The Littoral Rainforests of New South Wales is a group of fragmented and endangered ecological communities found by the coast in eastern Australia. Much of this seaside form has been destroyed by mining, tourist development or housing. It is threatened by extinction in the near future.

The littoral rainforests of Australia extends from North Queensland to Victoria and many offshore islands, with a minority found within New South Wales.

==Description and location==
Usually seen within 2 km of the coast, from Mimosa Rocks National Park in the south to the border with the state of Queensland. The forest has a closed canopy of around 70% shade. Trees may be up to 30 m tall in sheltered sites. But it is more often seen 5 to 15 m tall. This forest type has been considered a form of sub-tropical rainforest, as only a few rainforest species are restricted to littoral sites.

==Plant species==
Plants often have thick and leathery leaves, as a protection against sea winds. Vines are common. Tree species are often from the following botanical families: Myrtaceae, Lauraceae, Sapindaceae, Euphorbiaceae, Moraceae and Rutaceae.
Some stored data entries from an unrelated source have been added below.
Lemma sq_homogeneous_of_le d (h : vec d -> R) :
  (forall x, 0 <= h x) -> (forall a x, h (vscale a x) <= a ^ 2 * h x) ->
  forall a x, h (vscale a x) = a ^ 2 * h x.
Proof.
move=> h_ge0 h_le a x.
have [->|a_neq0] := Req_dec a 0.
  by have := h_le 0 x; have := h_ge0 (vscale 0 x); lra.
apply: Rle_antisym; first exact: h_le.
have inv_scale : vscale (/ a) (vscale a x) = x by vec_ext; field.
have hinv := h_le (/ a) (vscale a x); rewrite inv_scale in hinv.
have -> : h (vscale a x) = a ^ 2 * ((/ a) ^ 2 * h (vscale a x)) by field.
by apply: Rmult_le_compat_l; [apply: pow2_ge_0 | exact: hinv].
Qed.

Section QuadraticGauge.

Variables (d : nat) (h : vec d -> R).
Hypotheses (h_ge0 : forall x, 0 <= h x) (h_convex : convex h)
  (h_scale : forall a x, h (vscale a x) = a ^ 2 * h x)
  (h_definite : forall x, h x = 0 -> forall i, x i = 0).

Definition gauge (x : vec d) : R := sqrt (2 * h x).

Lemma half_sq_gauge x : h x = / 2 * gauge x ^ 2.
Proof. by rewrite /gauge pow2_sqrt; [field | have := h_ge0 x; lra]. Qed.

Lemma gauge_ge0 x : 0 <= gauge x.
Proof. exact: sqrt_pos. Qed.

Lemma gauge_le x r : 0 <= r -> h x <= / 2 * r ^ 2 -> gauge x <= r.
Proof.
move=> r_ge0 hx; rewrite -(sqrt_pow2 r) //.
by apply: sqrt_le_1_alt; lra.
Qed.

Lemma gauge_eq0 x : gauge x = 0 -> forall i, x i = 0.
Proof. by move=> g0; apply: h_definite; rewrite half_sq_gauge g0; ring. Qed.

Lemma gauge_scale a x : gauge (vscale a x) = Rabs a * gauge x.
Proof.
rewrite /gauge h_scale.
have -> : 2 * (a ^ 2 * h x) = a ^ 2 * (2 * h x) by ring.
rewrite sqrt_mult; [| apply: pow2_ge_0 | have := h_ge0 x; lra].
by rewrite -Rsqr_pow2 sqrt_Rsqr_abs.
Qed.

Lemma gauge_triangle x y : gauge (vadd x y) <= gauge x + gauge y.
Proof.
have [px0|px] := Req_dec (gauge x) 0.
  have -> : vadd x y = y by vec_ext; rewrite (@gauge_eq0 x px0); ring.
  by rewrite px0; lra.
have [qy0|qy] := Req_dec (gauge y) 0.
  have -> : vadd x y = x by vec_ext; rewrite (@gauge_eq0 y qy0); ring.
  by rewrite qy0; lra.
have := gauge_ge0 x; have := gauge_ge0 y.
set p := gauge x in px *; set q := gauge y in qy *; move=> q_ge0 p_ge0.
(* [x / p] and [y / q] lie on the unit sphere; [(x + y) / (p + q)] is a convex
   combination of them *)
have hxp : h (vscale (/ p) x) = / 2 by rewrite h_scale half_sq_gauge -/p; field.
have hyq : h (vscale (/ q) y) = / 2 by rewrite h_scale half_sq_gauge -/q; field.
have ht : 0 <= p / (p + q) <= 1.
  have : p / (p + q) + q / (p + q) = 1 by field; lra.
  have : 0 <= q / (p + q) by apply: Rmult_le_pos; [lra | apply/Rlt_le/Rinv_0_lt_compat; lra].
  have : 0 <= p / (p + q) by apply: Rmult_le_pos; [lra | apply/Rlt_le/Rinv_0_lt_compat; lra].
  lra.
have comb : vadd (vscale (p / (p + q)) (vscale (/ p) x))
              (vscale (1 - p / (p + q)) (vscale (/ q) y))
            = vscale (/ (p + q)) (vadd x y) by vec_ext; field; lra.
have hconv := h_convex (vscale (/ p) x) (vscale (/ q) y) ht.
rewrite comb hxp hyq h_scale in hconv.
apply: gauge_le; first lra.
have -> : h (vadd x y) = (p + q) ^ 2 * ((/ (p + q)) ^ 2 * h (vadd x y)) by field; lra.
have -> : / 2 * (p + q) ^ 2 = (p + q) ^ 2 * (p / (p + q) * / 2 + (1 - p / (p + q)) * / 2)
  by field; lra.
by apply: Rmult_le_compat_l; [apply: pow2_ge_0 | exact: hconv].
Qed.
(* Let $\mathcal{E}$ be a finite labeled prime event structure. Then $\mathcal{L}(\mathcal{E})=\mathcal{L}(\mathcal{A}^{\mathcal{E}})$.
   Context: A finite $\mathcal{X}$-labeled prime event structure is $\mathcal{E}=\langle E,<,\#,h\rangle$ with finite $E$, strict partial order $<$, labeling $h:E\to\mathcal{X}$, and symmetric irreflexive conflict relation $\#$ closed under $<$ (if $e\#e'$ and $e'<e''$ then $e\#e''$); $\mathcal{X}$ contains $\varepsilon$ denoting the empty word; there is an event $\bot$ below all other events with $h(\bot)=\varepsilon$. A configuration is a left-closed, conflict-free subset of $E$; maximal if no configuration strictly contains it. A trace of a configuration lists each of its events exactly once respecting $<$; $\mathcal{L}(\mathcal{E})$ is the set of words $h(t)$ (pointwise, $\varepsilon$ omitted) for traces $t$ of maximal configurations. The automaton encoding is the NFA $\mathcal{A}^{\mathcal{E}}=\langle Q^{\mathcal{E}},\mathcal{X},\delta^{\mathcal{E}},q_0,F\rangle$ with $Q^{\mathcal{E}}=\{q_C\mid C$ a configuration of $\mathcal{E}\}$, $(q_{C_1},\sigma,q_{C_2})\in\delta^{\mathcal{E}}$ iff there is $e\in E$ with $C_1\cup\{e\}=C_2$ and $h(e)=\sigma$ (transitions labeled $\varepsilon$ are $\varepsilon$-moves), $q_0=q_{\{\bot\}}$, and $F=\{q_C\mid C$ maximal$\}$; $\mathcal{L}(\mathcal{A}^{\mathcal{E}})$ is its accepted language. *)

From mathcomp Require Import all_boot.
Set Implicit Arguments. Unset Strict Implicit. Unset Printing Implicit Defensive.

(* Words: seq X; the distinguished letter [eps] denotes the empty word and is
   erased when reading off a word. *)
Definition erase (X : eqType) (eps : X) (s : seq X) : seq X :=
  [seq x <- s | x != eps].

Section PES.
Variables (X : eqType) (eps : X) (E : finType).
Variables (lt cf : rel E) (h : E -> X) (bot : E).

Definition is_pes : Prop :=
  [/\ irreflexive lt & transitive lt] /\
  [/\ symmetric cf, irreflexive cf
    & (forall e e' e'', cf e e' -> lt e' e'' -> cf e e'')] /\
  (forall e, e != bot -> lt bot e) /\ h bot = eps.

Definition is_config (C : {set E}) : Prop :=
  (forall e e', e \in C -> lt e' e -> e' \in C) /\
  (forall e e', e \in C -> e' \in C -> ~~ cf e e').

Definition is_max_config (C : {set E}) : Prop :=
  is_config C /\ ~ (exists C', is_config C' /\ C \proper C').

Definition is_trace (C : {set E}) (t : seq E) : Prop :=
  [/\ uniq t, (forall e, (e \in t) = (e \in C))
    & (forall e e', e \in t -> e' \in t -> lt e e' -> index e t < index e' t)].

Definition pes_lang (w : seq X) : Prop :=
  exists C t, is_max_config C /\ is_trace C t /\ erase eps (map h t) = w.
End PES.

Record nfa (X : Type) := Nfa {
  nfa_state : Type;
  nfa_delta : nfa_state -> X -> nfa_state -> Prop;
  nfa_init : nfa_state;
  nfa_final : nfa_state -> Prop }.

Arguments nfa_delta {X} n _ _ _.
Arguments nfa_init {X} n.
Arguments nfa_final {X} n _.
Inductive nfa_run (X : Type) (A : nfa X) : nfa_state A -> seq X -> nfa_state A -> Prop :=
| run_nil q : @nfa_run X A q [::] q
| run_cons q s q' l q'' :
    nfa_delta A q s q' -> @nfa_run X A q' l q'' -> @nfa_run X A q (s :: l) q''.

Definition nfa_lang (X : eqType) (eps : X) (A : nfa X) (w : seq X) : Prop :=
  exists l q, @nfa_run X A (nfa_init A) l q /\ nfa_final A q /\ erase eps l = w.

(* States: subsets of E; only configurations take part in transitions, so the
   effective state space is { q_C | C configuration }. *)
Definition pes_nfa (X : eqType) (E : finType) (lt cf : rel E) (h : E -> X)
    (bot : E) : nfa X :=
  @Nfa X {set E}
    (fun C1 s C2 => is_config lt cf C1 /\ is_config lt cf C2 /\
        exists e, e \notin C1 /\ C1 :|: [set e] = C2 /\ h e = s)
    [set bot]
    (fun C => is_max_config lt cf C).

From mathcomp Require Import all_boot.

Set Implicit Arguments.
Unset Strict Implicit.
Unset Printing Implicit Defensive.

(* A run of the automaton from the configuration {bot} adds one event at a
   time, each time to a configuration; reading off the added events gives a
   trace of the final configuration, and conversely every prefix of a trace is
   a configuration, so a trace can be replayed as a run.  Since bot lies below
   every other event it heads every trace, and its label eps is erased. *)

Section Traces.
Variables (E : finType) (lt cf : rel E).

Lemma trace_setE C t : is_trace lt C t -> [set x in t] = C.
Proof. by case=> _ tC _; apply/setP => x; rewrite inE tC. Qed.

Lemma trace_take_config C t k :
  is_config lt cf C -> is_trace lt C t -> is_config lt cf [set x in take k t].
Proof.
move=> [Cl Ccf] [_ tC tlt]; split.
- move=> e e'; rewrite !inE => ek e'e.
  have et := mem_take ek.
  have e't : e' \in t by rewrite tC (Cl e) // -tC.
  rewrite (in_take _ et) in ek.
  by rewrite (in_take _ e't) (ltn_trans (tlt _ _ e't et e'e)).
- by move=> e e'; rewrite !inE => /mem_take + /mem_take; rewrite !tC; apply: Ccf.
Qed.

Lemma trace_rcons C t e :
  irreflexive lt -> is_config lt cf C -> is_trace lt C t -> e \notin C ->
  is_trace lt (C :|: [set e]) (rcons t e).
Proof.
move=> lt_irr [Cl _] [tu tC tlt] eC.
have et : e \notin t by rewrite tC.
have index_t x : x \in t -> index x (rcons t e) = index x t.
  by move=> xt; rewrite -cats1 index_cat xt.
have index_e : index e (rcons t e) = size t.
  by rewrite -cats1 index_cat (negbTE et) /= eqxx addn0.
split.
- by rewrite rcons_uniq et tu.
- by move=> x; rewrite mem_rcons !inE tC orbC.
move=> x y; rewrite !mem_rcons !in_cons.
case: (eqVneq x e) => [-> | xe]; case: (eqVneq y e) => [-> | ye] //=.
- by rewrite lt_irr.
- by move=> _ yt ey; case/negP: eC; apply: Cl ey; rewrite -tC.
- by move=> xt _ _; rewrite index_e index_t // index_mem.
- by move=> xt yt xy; rewrite !index_t //; apply: tlt.
Qed.

End Traces.

Section Runs.
Variables (X : eqType) (E : finType) (lt cf : rel E) (h : E -> X) (bot : E).
Local Notation A := (pes_nfa lt cf h bot).

Lemma pes_run_suffix p q :
  uniq (p ++ q) -> (forall k, is_config lt cf [set x in take k (p ++ q)]) ->
  nfa_run (A := A) [set x in p] (map h q) [set x in p ++ q].
Proof.
elim: q p => [|e q IH] p; first by rewrite cats0; constructor.
rewrite -cat_rcons => pq_uniq pq_config.
apply: run_cons (IH _ pq_uniq pq_config); split; last split.
- by have := pq_config (size p); rewrite cat_rcons take_size_cat.
- by have := pq_config (size p).+1; rewrite take_size_cat ?size_rcons.
exists e; split; [|split=> //].
- have := cat_uniq (rcons p e) q; rewrite pq_uniq rcons_uniq.
  by case/esym/andP => /andP [+ _] _; rewrite inE.
- by apply/setP => x; rewrite !inE mem_rcons in_cons orbC.
Qed.

Lemma pes_run_trace C l C' t :
  irreflexive lt -> nfa_run (A := A) C l C' -> is_trace lt C t ->
  exists2 t', is_trace lt C' (t ++ t') & l = map h t'.
Proof.
move=> lt_irr run; elim: run t => [D | D s D' l' D'' step _ IH] t Dt.
  by exists [::]; rewrite ?cats0.
case: step => [Dconf [_ [e [eD [De <-]]]]]; subst D'.
have [t' Dt' ->] := IH _ (trace_rcons lt_irr Dconf Dt eD).
by exists (e :: t'); rewrite -?cat_rcons.
Qed.

End Runs.

Section Bottom.
Variables (X : eqType) (eps : X) (E : finType) (lt cf : rel E).
Variables (h : E -> X) (bot : E).
Hypotheses (lt_irr : irreflexive lt) (lt_trans : transitive lt).
Hypotheses (cf_irr : irreflexive cf) (bot_lt : forall e, e != bot -> lt bot e).

Lemma not_lt_bot e : ~~ lt e bot.
Proof.
apply/negP => ebot; have [eb | /bot_lt bote] := eqVneq e bot.
  by move: ebot; rewrite eb lt_irr.
by move: (lt_trans bote ebot); rewrite lt_irr.
Qed.

Lemma config_bot : is_config lt cf [set bot].
Proof.
split=> e e'; rewrite !inE => /eqP ->; first by rewrite (negbTE (not_lt_bot _)).
by move=> /eqP ->; rewrite cf_irr.
Qed.

Lemma trace_bot : is_trace lt [set bot] [:: bot].
Proof.
split=> // [e | e e']; first by rewrite !inE.
by rewrite !inE => /eqP -> /eqP ->; rewrite lt_irr.
Qed.

Lemma max_config_bot C : is_max_config lt cf C -> bot \in C.
Proof.
case=> [[Cl _] Cmax]; apply/negPn/negP => botC; apply: Cmax.
exists [set bot]; split; first exact: config_bot.
apply/properP; split; last by exists bot; rewrite ?inE.
apply/subsetP => e eC; case/negP: botC.
by have [<- // | /bot_lt] := eqVneq e bot; apply: Cl.
Qed.

Lemma trace_headE C t : is_trace lt C t -> bot \in C -> t = bot :: behead t.
Proof.
case: t => [|e t] [_ tC tlt]; rewrite -tC ?in_nil //.
have [-> // | /bot_lt bote] := eqVneq e bot.
by move=> /tlt /(_ (mem_head _ _) bote); rewrite /= eqxx; case: ifP.
Qed.

Lemma erase_map_bot t :
  h bot = eps -> erase eps (map h (bot :: t)) = erase eps (map h t).
Proof. by move=> h_bot; rewrite /erase /= h_bot eqxx. Qed.

End Bottom.

Theorem lemma5 (X : eqType) (eps : X) (E : finType) (lt cf : rel E)
    (h : E -> X) (bot : E) :
  is_pes eps lt cf h bot ->
  forall w : seq X,
    pes_lang eps lt cf h w <-> nfa_lang eps (pes_nfa lt cf h bot) w.
Proof.
case=> [[lt_irr lt_trans] [[_ cf_irr _] [bot_lt h_bot]]] w; split.
- case=> C [t [Cmax [Ct <-]]].
  have botC := max_config_bot lt_irr lt_trans cf_irr bot_lt Cmax.
  have tE := trace_headE bot_lt Ct botC.
  exists (map h (behead t)), C; split; last by rewrite tE erase_map_bot.
  have := @pes_run_suffix X E lt cf h bot [:: bot] (behead t).
  rewrite cat1s -tE (trace_setE Ct) (trace_setE (trace_bot _ lt_irr)).
  apply; first by case: Ct.
  by move=> k; apply: trace_take_config Ct; case: Cmax.
- case=> l [C [run [Cmax <-]]].
  have [t Ct ->] := pes_run_trace lt_irr run (trace_bot _ lt_irr).
  by exists C, (bot :: t); rewrite erase_map_bot.
Qed.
Salt tolerant species such as plum pine, tuckeroo, red-fruited olive plum, black apple, mock olive and bolwarra are often encountered. Endangered species include the coast fontainea and the scented acronychia. Ferns are less often seen than in nearby sub-tropical rainforests. Non rainforest species are occasionally seen in these forests, such as the coast banksia (Banksia integrifolia) and bangalay (Eucalyptus botryoides).

==Environmental factors==
The rainforest grows on beach sand, quartz-rich sediments, meta-sediments or on coastal headlands enriched by volcanic minerals. Sea winds add fertility to the sandy soils, with air borne minerals such as calcium, magnesium, potassium and phosphorus. Relative humidity is high, and the climate is equable with higher minimum temperatures than further inland. Rainfall is generally over one metre per year. Salt scalding from the sea winds often produces an even and dense canopy.